THE TASK -
In the records below, begin at the line that has "s) * eps s." and stop after the line that has "Variable S : T -> 'I_K."; quote those lines verbatim and nothing more.

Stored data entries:
——

(* For any entrywise nonnegative ${\mathbf\Lambda},{\mathbf V}$ and any $\alpha>0$, $$\sqrt{\sum_{\ell\in[\![L]\!],\,s\in[K]}\big(\mathcal U_s(\hat\pi_{{\mathbf\Lambda},{\mathbf V}},\ell)-\epsilon_s\big)_+^2}\le\|\mathbf G_{\hat F,\alpha}({\mathbf\Lambda},{\mathbf V})\|+\big(\mathbb E\|\hat{\mathbf t}(X)-\mathbf t(X)\|^2\big)^{1/2}.$$
   Context: Let $K\ge 2$, $d\ge1$, and let $(X,S,Y)$ be a random triple with values in $\mathbb R^d\times[K]\times\mathbb R$. Put $p_s=\mathbb P(S=s)>0$, $\tau_s(x)=\mathbb P(S=s\mid X=x)$, $t_s(x)=1-\tau_s(x)/p_s$, $\mathbf t=(t_s)_{s\in[K]}$. Fix $B>0$, $L\in\mathbb N$, $\beta>0$, $\boldsymbol\epsilon=(\epsilon_s)\in[0,1]^K$, $[\![L]\!]=\{-L,\dots,L\}$. Let $\hat\eta:\mathbb R^d\to\mathbb R$ and $\hat{\boldsymbol\tau}=(\hat\tau_s)_{s}:\mathbb R^d\to[0,1]^K$ be fixed (deterministic) measurable functions with $\mathbb E[\hat\eta(X)^2]<\infty$; set $\hat t_s(x)=1-\hat\tau_s(x)/p_s$, $\hat{\mathbf t}=(\hat t_s)_s$, $\hat r_\ell(x)=(\hat\eta(x)-\ell B/L)^2$. $\mathrm{LSE}_\beta(\mathbf w)=\beta^{-1}\log\sum_j e^{\beta w_j}$, $\sigma_j(\mathbf w)=e^{w_j}/\sum_ie^{w_i}$. For ${\mathbf\Lambda}=(\lambda_{\ell s}),{\mathbf V}=(\nu_{\ell s})$ with rows $\boldsymbol\lambda_\ell,\boldsymbol\nu_\ell\in\mathbb R^K$: $\hat F({\mathbf\Lambda},{\mathbf V})=\mathbb E\big[\mathrm{LSE}_\beta\big((\langle\boldsymbol\lambda_\ell-\boldsymbol\nu_\ell,\hat{\mathbf t}(X)\rangle-\hat r_\ell(X))_{\ell\in[\![L]\!]}\big)\big]+\sum_\ell\langle\boldsymbol\lambda_\ell+\boldsymbol\nu_\ell,\boldsymbol\epsilon\rangle$ and $\hat\pi_{{\mathbf\Lambda},{\mathbf V}}(\ell\mid x)=\sigma_\ell\big(\beta(\langle\boldsymbol\lambda_{\ell'}-\boldsymbol\nu_{\ell'},\hat{\mathbf t}(x)\rangle-\hat r_{\ell'}(x))_{\ell'\in[\![L]\!]}\big)$, a randomized prediction putting mass $\hat\pi_{{\mathbf\Lambda},{\mathbf V}}(\ell\mid x)$ on $\ell B/L$. For such a grid-supported $\pi$, $\mathcal U_s(\pi,\ell)=|\mathbb E[\pi(\ell\mid X)\mid S=s]-\mathbb E[\pi(\ell\mid X)]|$. $(a)_+=\max(a,0)$ entrywise; gradient mapping $\mathbf G_{\hat F,\alpha}({\mathbf\Lambda},{\mathbf V})=\alpha^{-1}[({\mathbf\Lambda},{\mathbf V})-(({\mathbf\Lambda},{\mathbf V})-\alpha\nabla\hat F({\mathbf\Lambda},{\mathbf V}))_+]$; $\|\cdot\|$ is the Euclidean norm. *)

From HB Require Import structures.
From mathcomp Require Import all_boot all_order all_algebra.
From mathcomp Require Import all_classical all_reals all_analysis.
Set Implicit Arguments. Unset Strict Implicit. Unset Printing Implicit Defensive.
Import Order.TTheory GRing.Theory Num.Theory.
Import numFieldNormedType.Exports.
Local Open Scope classical_set_scope.
Local Open Scope ring_scope.

(* Conventions:
   - [K] is 'I_K, the grid index set [[L]] = {-L,...,L} is 'I_(2L+1),
     the index l : 'I_(2L+1) standing for the integer l - L.
   - R^d is d.-tuple R with its product (= Borel) sigma-algebra.
   - matrices Lambda, V : 'M[R]_(2L+1, K), row l = lambda_l, column s.  *)

Section defs.
Variables (R : realType) (dT : measure_display) (T : measurableType dT)
          (P : probability T R).

Definition Ex (f : T -> R) : R := fine (\int[P]_w (f w)%:E).

Definition indic (b : bool) : R := if b then 1 else 0.

Definition gridv (L : nat) (B : R) (l : 'I_(2 * L + 1)) : R :=
  ((l%:R - L%:R) * B) / L%:R.

Definition LSE (n : nat) (beta : R) (w : 'I_n -> R) : R :=
  beta^-1 * ln (\sum_(j < n) expR (beta * w j)).

Definition softmax (n : nat) (w : 'I_n -> R) (j : 'I_n) : R :=
  expR (w j) / \sum_(i < n) expR (w i).

Variables (d K L : nat) (B beta : R) (eps : 'I_K -> R) (p : 'I_K -> R)
  (etah : d.-tuple R -> R) (tauh : 'I_K -> d.-tuple R -> R).

Definition that (s : 'I_K) (x : d.-tuple R) : R := 1 - tauh s x / p s.

Definition rhat (l : 'I_(2 * L + 1)) (x : d.-tuple R) : R :=
  (etah x - gridv B l) ^+ 2.

Definition scorev (Lam V : 'M[R]_(2 * L + 1, K)) (x : d.-tuple R)
  (l : 'I_(2 * L + 1)) : R :=
  \sum_(s < K) (Lam l s - V l s) * that s x - rhat l x.

Variable X : T -> d.-tuple R.

Definition Fhat (Lam V : 'M[R]_(2 * L + 1, K)) : R :=
  Ex (fun w => LSE beta (scorev Lam V (X w)))
  + \sum_(l < 2 * L + 1) \sum_(s < K) (Lam l s + V l s) * eps s.

Definition pihat (Lam V : 'M[R]_(2 * L + 1, K)) (l : 'I_(2 * L + 1))
  (x : d.-tuple R) : R :=
  softmax (fun l' => beta * scorev Lam V x l') l.

Variable S : T -> 'I_K.

(* U_s(pi, l) = | E[pi(l|X) | S = s] - E[pi(l|X)] |, with
   E[Z | S = s] = E[Z 1{S=s}] / P(S=s) *)
Definition Ufair (pi : 'I_(2 * L + 1) -> d.-tuple R -> R) (s : 'I_K)
  (l : 'I_(2 * L + 1)) : R :=
  `| Ex (fun w => pi l (X w) * indic (S w == s)) / p s
     - Ex (fun w => pi l (X w)) |.

Definition dF_lam (Lam V : 'M[R]_(2 * L + 1, K)) l s : R :=
  derive1 (fun h : R => Fhat (Lam + h *: delta_mx l s) V) 0.
Definition dF_nu (Lam V : 'M[R]_(2 * L + 1, K)) l s : R :=
  derive1 (fun h : R => Fhat Lam (V + h *: delta_mx l s)) 0.

Definition Gmap_lam (alpha : R) (Lam V : 'M[R]_(2 * L + 1, K)) l s : R :=
  alpha^-1 * (Lam l s - Num.max (Lam l s - alpha * dF_lam Lam V l s) 0).
Definition Gmap_nu (alpha : R) (Lam V : 'M[R]_(2 * L + 1, K)) l s : R :=
  alpha^-1 * (V l s - Num.max (V l s - alpha * dF_nu Lam V l s) 0).

Definition Gmap_norm (alpha : R) (Lam V : 'M[R]_(2 * L + 1, K)) : R :=
  Num.sqrt (\sum_(l < 2 * L + 1) \sum_(s < K)
              (Gmap_lam alpha Lam V l s ^+ 2 + Gmap_nu alpha Lam V l s ^+ 2)).

End defs.

From Pilot Require Import Defs.
From HB Require Import structures.
From mathcomp Require Import all_boot all_order all_algebra.
From mathcomp Require Import all_classical all_reals all_analysis.
From mathcomp Require Import measurable_realfun ring lra.
Set Implicit Arguments. Unset Strict Implicit. Unset Printing Implicit Defensive.
Import Order.TTheory GRing.Theory Num.Theory.
Import numFieldNormedType.Exports.
Local Open Scope classical_set_scope.
Local Open Scope ring_scope.
Import HBNNSimple.

(* Differentiating the log-sum-exp term gives dF/dlambda_ls = E[pi(l|X) that_s(X)] + eps_s
   and dF/dnu_ls = -E[pi(l|X) that_s(X)] + eps_s, while the tower property for tau_s
   turns the fairness gap into U_s(pi, l) = |E[pi(l|X) t_s(X)]|.  At a nonnegative
   point, whenever |E[pi that_s]| > eps_s one of these two partial derivatives is
   negative, its projected step is inactive, and so (|E[pi that_s]| - eps_s)_+ is
   bounded by the (l, s) block of the gradient mapping.  Replacing that by t costs
   |E[pi (that_s - t_s)]|, and by Jensen and sum_l pi(l|X) = 1 these errors have
   squared sum at most E ||that - t||^2; Minkowski's inequality combines the two. *)

Section exp_ln_bounds.
Variable R : realType.

Lemma expR_sub1_sub_le (u : R) : expR u - 1 - u <= `|u| * (expR `|u| - 1).
Proof.
have hEN := expRxMexpNx_1 u; have hE := expR_gt0 u; have hEN0 := expR_gt0 (- u).
have h := expR_ge1Dx (- u).
have [u0|u0] := leP 0 u; [rewrite ger0_norm // | rewrite ltr0_norm //]; nra.
Qed.

Lemma ln_ge1_subV (z : R) : 0 < z -> 1 - z^-1 <= ln z.
Proof.
move=> z0; have zV0 : 0 < z^-1 by rewrite invr_gt0.
have : ln (1 + (z^-1 - 1)) <= z^-1 - 1 by apply: le_ln1Dx; lra.
by rewrite addrC subrK lnV ?posrE //; lra.
Qed.

(* Squeeze ln z, z = 1 + q (e^u - 1), between q (1 - e^-u) (from ln z >= 1 - 1/z)
   and q (e^u - 1) (from ln z <= z - 1); both are within |u| (e^|u| - 1) of q u. *)
Lemma ln_mix_expR_err (q y beta : R) : 0 <= q <= 1 -> 0 < beta ->
  `| beta^-1 * ln (1 + q * (expR (beta * y) - 1)) - q * y |
    <= `|y| * (expR (beta * `|y|) - 1).
Proof.
move=> /andP[q0 q1] b0.
set u := beta * y; set E := expR u; set z := 1 + q * (E - 1).
have E0 : 0 < E by apply: expR_gt0.
have qE0 : 0 <= q * E by rewrite mulr_ge0 // ltW.
have z0 : 0 < z by rewrite /z; nra.
have ln_le : ln z <= q * (E - 1) by apply: le_ln1Dx; nra.
have ln_ge : q * (1 - expR (- u)) <= ln z.
  apply: le_trans (ln_ge1_subV z0); rewrite -subr_ge0.
  have -> : 1 - z^-1 - q * (1 - expR (- u))
      = q * (1 - q) * (E - 1) ^+ 2 * expR (- u) / z.
    rewrite expRN -/E /z; field.
    by rewrite gt_eqF //= -/z gt_eqF.
  have q1q : 0 <= q * (1 - q) by rewrite mulr_ge0 // subr_ge0.
  by rewrite divr_ge0 ?(ltW z0) // mulr_ge0 ?expR_ge0 // mulr_ge0 ?sqr_ge0.
set C := `|u| * (expR `|u| - 1).
have C0 : 0 <= C.
  by rewrite mulr_ge0 // subr_ge0 -expR0 ler_expR.
have qC w : w <= C -> q * w <= C.
  move=> wC; have [w0|w0] := leP 0 w; last by apply: le_trans C0; nra.
  by apply: le_trans wC; rewrite ler_piMl.
have up := qC _ (expR_sub1_sub_le u).
have lo := expR_sub1_sub_le (- u); rewrite normrN -/C in lo; move/qC in lo.
have key : `|ln z - q * u| <= C.
  by rewrite ler_norml; apply/andP; split; rewrite /E in ln_le up; lra.
have bV0 : 0 < beta^-1 by rewrite invr_gt0.
have hy : y = beta^-1 * u by rewrite /u mulKf ?gt_eqF.
have -> : beta^-1 * ln z - q * y = beta^-1 * (ln z - q * u) by rewrite hy; ring.
have -> : `|y| * (expR (beta * `|y|) - 1) = beta^-1 * C.
  by rewrite /C /u normrM (gtr0_norm b0) !mulrA mulVf ?gt_eqF // mul1r.
by rewrite normrM gtr0_norm // ler_pM2l.
Qed.

End exp_ln_bounds.

Section softmax_LSE.
Variables (R : realType) (n : nat).
Implicit Types (w : 'I_n -> R) (beta : R).

Lemma sum_expR_gt0 w (j : 'I_n) : 0 < \sum_(i < n) expR (w i).
Proof.
rewrite (bigD1 j) //= ltr_pwDl ?expR_gt0 //.
by rewrite sumr_ge0 // => i _; apply: expR_ge0.
Qed.

Lemma softmax_ge0 w j : 0 <= softmax w j.
Proof. by rewrite divr_ge0 ?expR_ge0 ?sumr_ge0 // => i _; apply: expR_ge0. Qed.

Lemma softmax_sum1 w (j : 'I_n) : \sum_(i < n) softmax w i = 1.
Proof. by rewrite -mulr_suml mulfV // gt_eqF // (sum_expR_gt0 _ j). Qed.

Lemma softmax_le1 w j : softmax w j <= 1.
Proof.
rewrite -(softmax_sum1 w j) (bigD1 j) //= lerDl.
by rewrite sumr_ge0 // => i _; apply: softmax_ge0.
Qed.

Lemma LSE_shift beta w (j : 'I_n) (y : R) : 0 < beta ->
  LSE beta (fun i => w i + (i == j)%:R * y) - LSE beta w
  = beta^-1 * ln (1 + softmax (fun i => beta * w i) j * (expR (beta * y) - 1)).
Proof.
move=> b0; set Z := \sum_(i < n) expR (beta * w i).
have Z0 : 0 < Z by exact: sum_expR_gt0 j.
have q1 := softmax_le1 (fun i => beta * w i) j.
have q0 := softmax_ge0 (fun i => beta * w i) j.
set q := softmax _ j in q0 q1 *.
have z0 : 0 < 1 + q * (expR (beta * y) - 1).
  have [->|qn0] := eqVneq q 0; first by rewrite mul0r addr0.
  have : 0 < q * expR (beta * y) by rewrite mulr_gt0 ?expR_gt0 // lt_def qn0.
  rewrite mulrBr mulr1; lra.
rewrite /LSE.
have -> : \sum_(i < n) expR (beta * (w i + (i == j)%:R * y))
          = Z * (1 + q * (expR (beta * y) - 1)).
  rewrite (bigD1 j) //= eqxx mul1r /Z [in RHS](bigD1 j) //=.
  rewrite (eq_bigr (fun i => expR (beta * w i))); last first.
    by move=> i /negPf ->; rewrite mul0r addr0.
  rewrite /q /softmax -/Z mulrDr expRD.
  have : Z != 0 by rewrite gt_eqF.
  by rewrite /Z (bigD1 j) //=; set r := \sum_(i < n | i != j) _ => hZ; field.
by rewrite lnM ?posrE //; ring.
Qed.

Lemma normr_LSE_le beta w (j : 'I_n) : 0 < beta ->
  `|LSE beta w| <= beta^-1 * ln n%:R + \sum_(i < n) `|w i|.
Proof.
move=> b0; set M := \sum_(i < n) `|w i|; set Z := \sum_(i < n) expR (beta * w i).
have wM i : `|w i| <= M by rewrite /M (bigD1 i) //= lerDl sumr_ge0.
have Z0 : 0 < Z by exact: sum_expR_gt0 j.
have n1 : 1 <= n%:R :> R by rewrite ler1n (leq_ltn_trans _ (ltn_ord j)).
have n0 : 0 < n%:R :> R by apply: lt_le_trans n1.
have Z_le : Z <= n%:R * expR (beta * M).
  apply: (@le_trans _ _ (\sum_(i < n) expR (beta * M))).
    by rewrite ler_sum // => i _; rewrite ler_expR ler_pM2l // (le_trans (ler_norm _)).
  by rewrite sumr_const card_ord mulr_natl.
have Z_ge : expR (- (beta * M)) <= Z.
  apply: (le_trans _ (_ : expR (beta * w j) <= Z)).
    by rewrite ler_expR -mulrN ler_pM2l // lerNl (le_trans _ (wM j)) // -normrN ler_norm.
  by rewrite /Z (bigD1 j) //= lerDl sumr_ge0 // => i _; apply: expR_ge0.
have lnZ_le : ln Z <= ln n%:R + beta * M.
  rewrite -[X in _ <= _ + X]expRK -lnM ?posrE ?expR_gt0 //.
  by rewrite ler_ln ?posrE ?mulr_gt0 ?expR_gt0.
have lnZ_ge : - (beta * M) <= ln Z by rewrite -[X in X <= _]expRK ler_ln ?posrE ?expR_gt0 //.
have lnn0 : 0 <= beta^-1 * ln n%:R by rewrite mulr_ge0 ?ln_ge0 // invr_ge0 ltW.
have bM : beta^-1 * (beta * M) = M by rewrite mulKf ?gt_eqF.
rewrite /LSE -/Z ler_norml; apply/andP; split.
- have : beta^-1 * (- (beta * M)) <= beta^-1 * ln Z by rewrite ler_pM2l ?invr_gt0.
  by rewrite mulrN bM; lra.
- have : beta^-1 * ln Z <= beta^-1 * (ln n%:R + beta * M) by rewrite ler_pM2l ?invr_gt0.
  by rewrite mulrDr bM; lra.
Qed.

End softmax_LSE.

Section euclidean_norm.
Variables (R : realType) (I : finType).
Implicit Types x y : I -> R.

Lemma cauchy_schwarz_sum x y :
  (\sum_i x i * y i) ^+ 2 <= (\sum_i x i ^+ 2) * (\sum_i y i ^+ 2).
Proof.
set A := \sum_i x i ^+ 2; set B := \sum_i y i ^+ 2; set C := \sum_i x i * y i.
have AB : \sum_i \sum_j (x i * y j) ^+ 2 = A * B.
  rewrite mulr_suml; apply: eq_bigr => i _; rewrite mulr_sumr.
  by apply: eq_bigr => j _; rewrite exprMn.
have BA : \sum_i \sum_j (x j * y i) ^+ 2 = A * B by rewrite exchange_big.
have C2 : \sum_i \sum_j (x i * y j * (x j * y i)) = C ^+ 2.
  rewrite expr2 mulr_suml; apply: eq_bigr => i _; rewrite mulr_sumr.
  by apply: eq_bigr => j _; ring.
(* Lagrange's identity *)
have : \sum_i \sum_j (x i * y j - x j * y i) ^+ 2 = 2 * (A * B - C ^+ 2).
  transitivity (\sum_i (\sum_j (x i * y j) ^+ 2 + \sum_j (x j * y i) ^+ 2
                        - 2 * \sum_j (x i * y j * (x j * y i)))).
    apply: eq_bigr => i _; rewrite mulr_sumr -big_split -sumrB /=.
    by apply: eq_bigr => j _; ring.
  by rewrite sumrB big_split /= -mulr_sumr AB BA C2; ring.
have : 0 <= \sum_i \sum_j (x i * y j - x j * y i) ^+ 2.
  by do 2!(apply: sumr_ge0 => ? _); apply: sqr_ge0.
lra.
Qed.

——

FINISHED EXERCISE -
  + \sum_(l < 2 * L + 1) \sum_(s < K) (Lam l s + V l s) * eps s.

Definition pihat (Lam V : 'M[R]_(2 * L + 1, K)) (l : 'I_(2 * L + 1))
  (x : d.-tuple R) : R :=
  softmax (fun l' => beta * scorev Lam V x l') l.

Variable S : T -> 'I_K.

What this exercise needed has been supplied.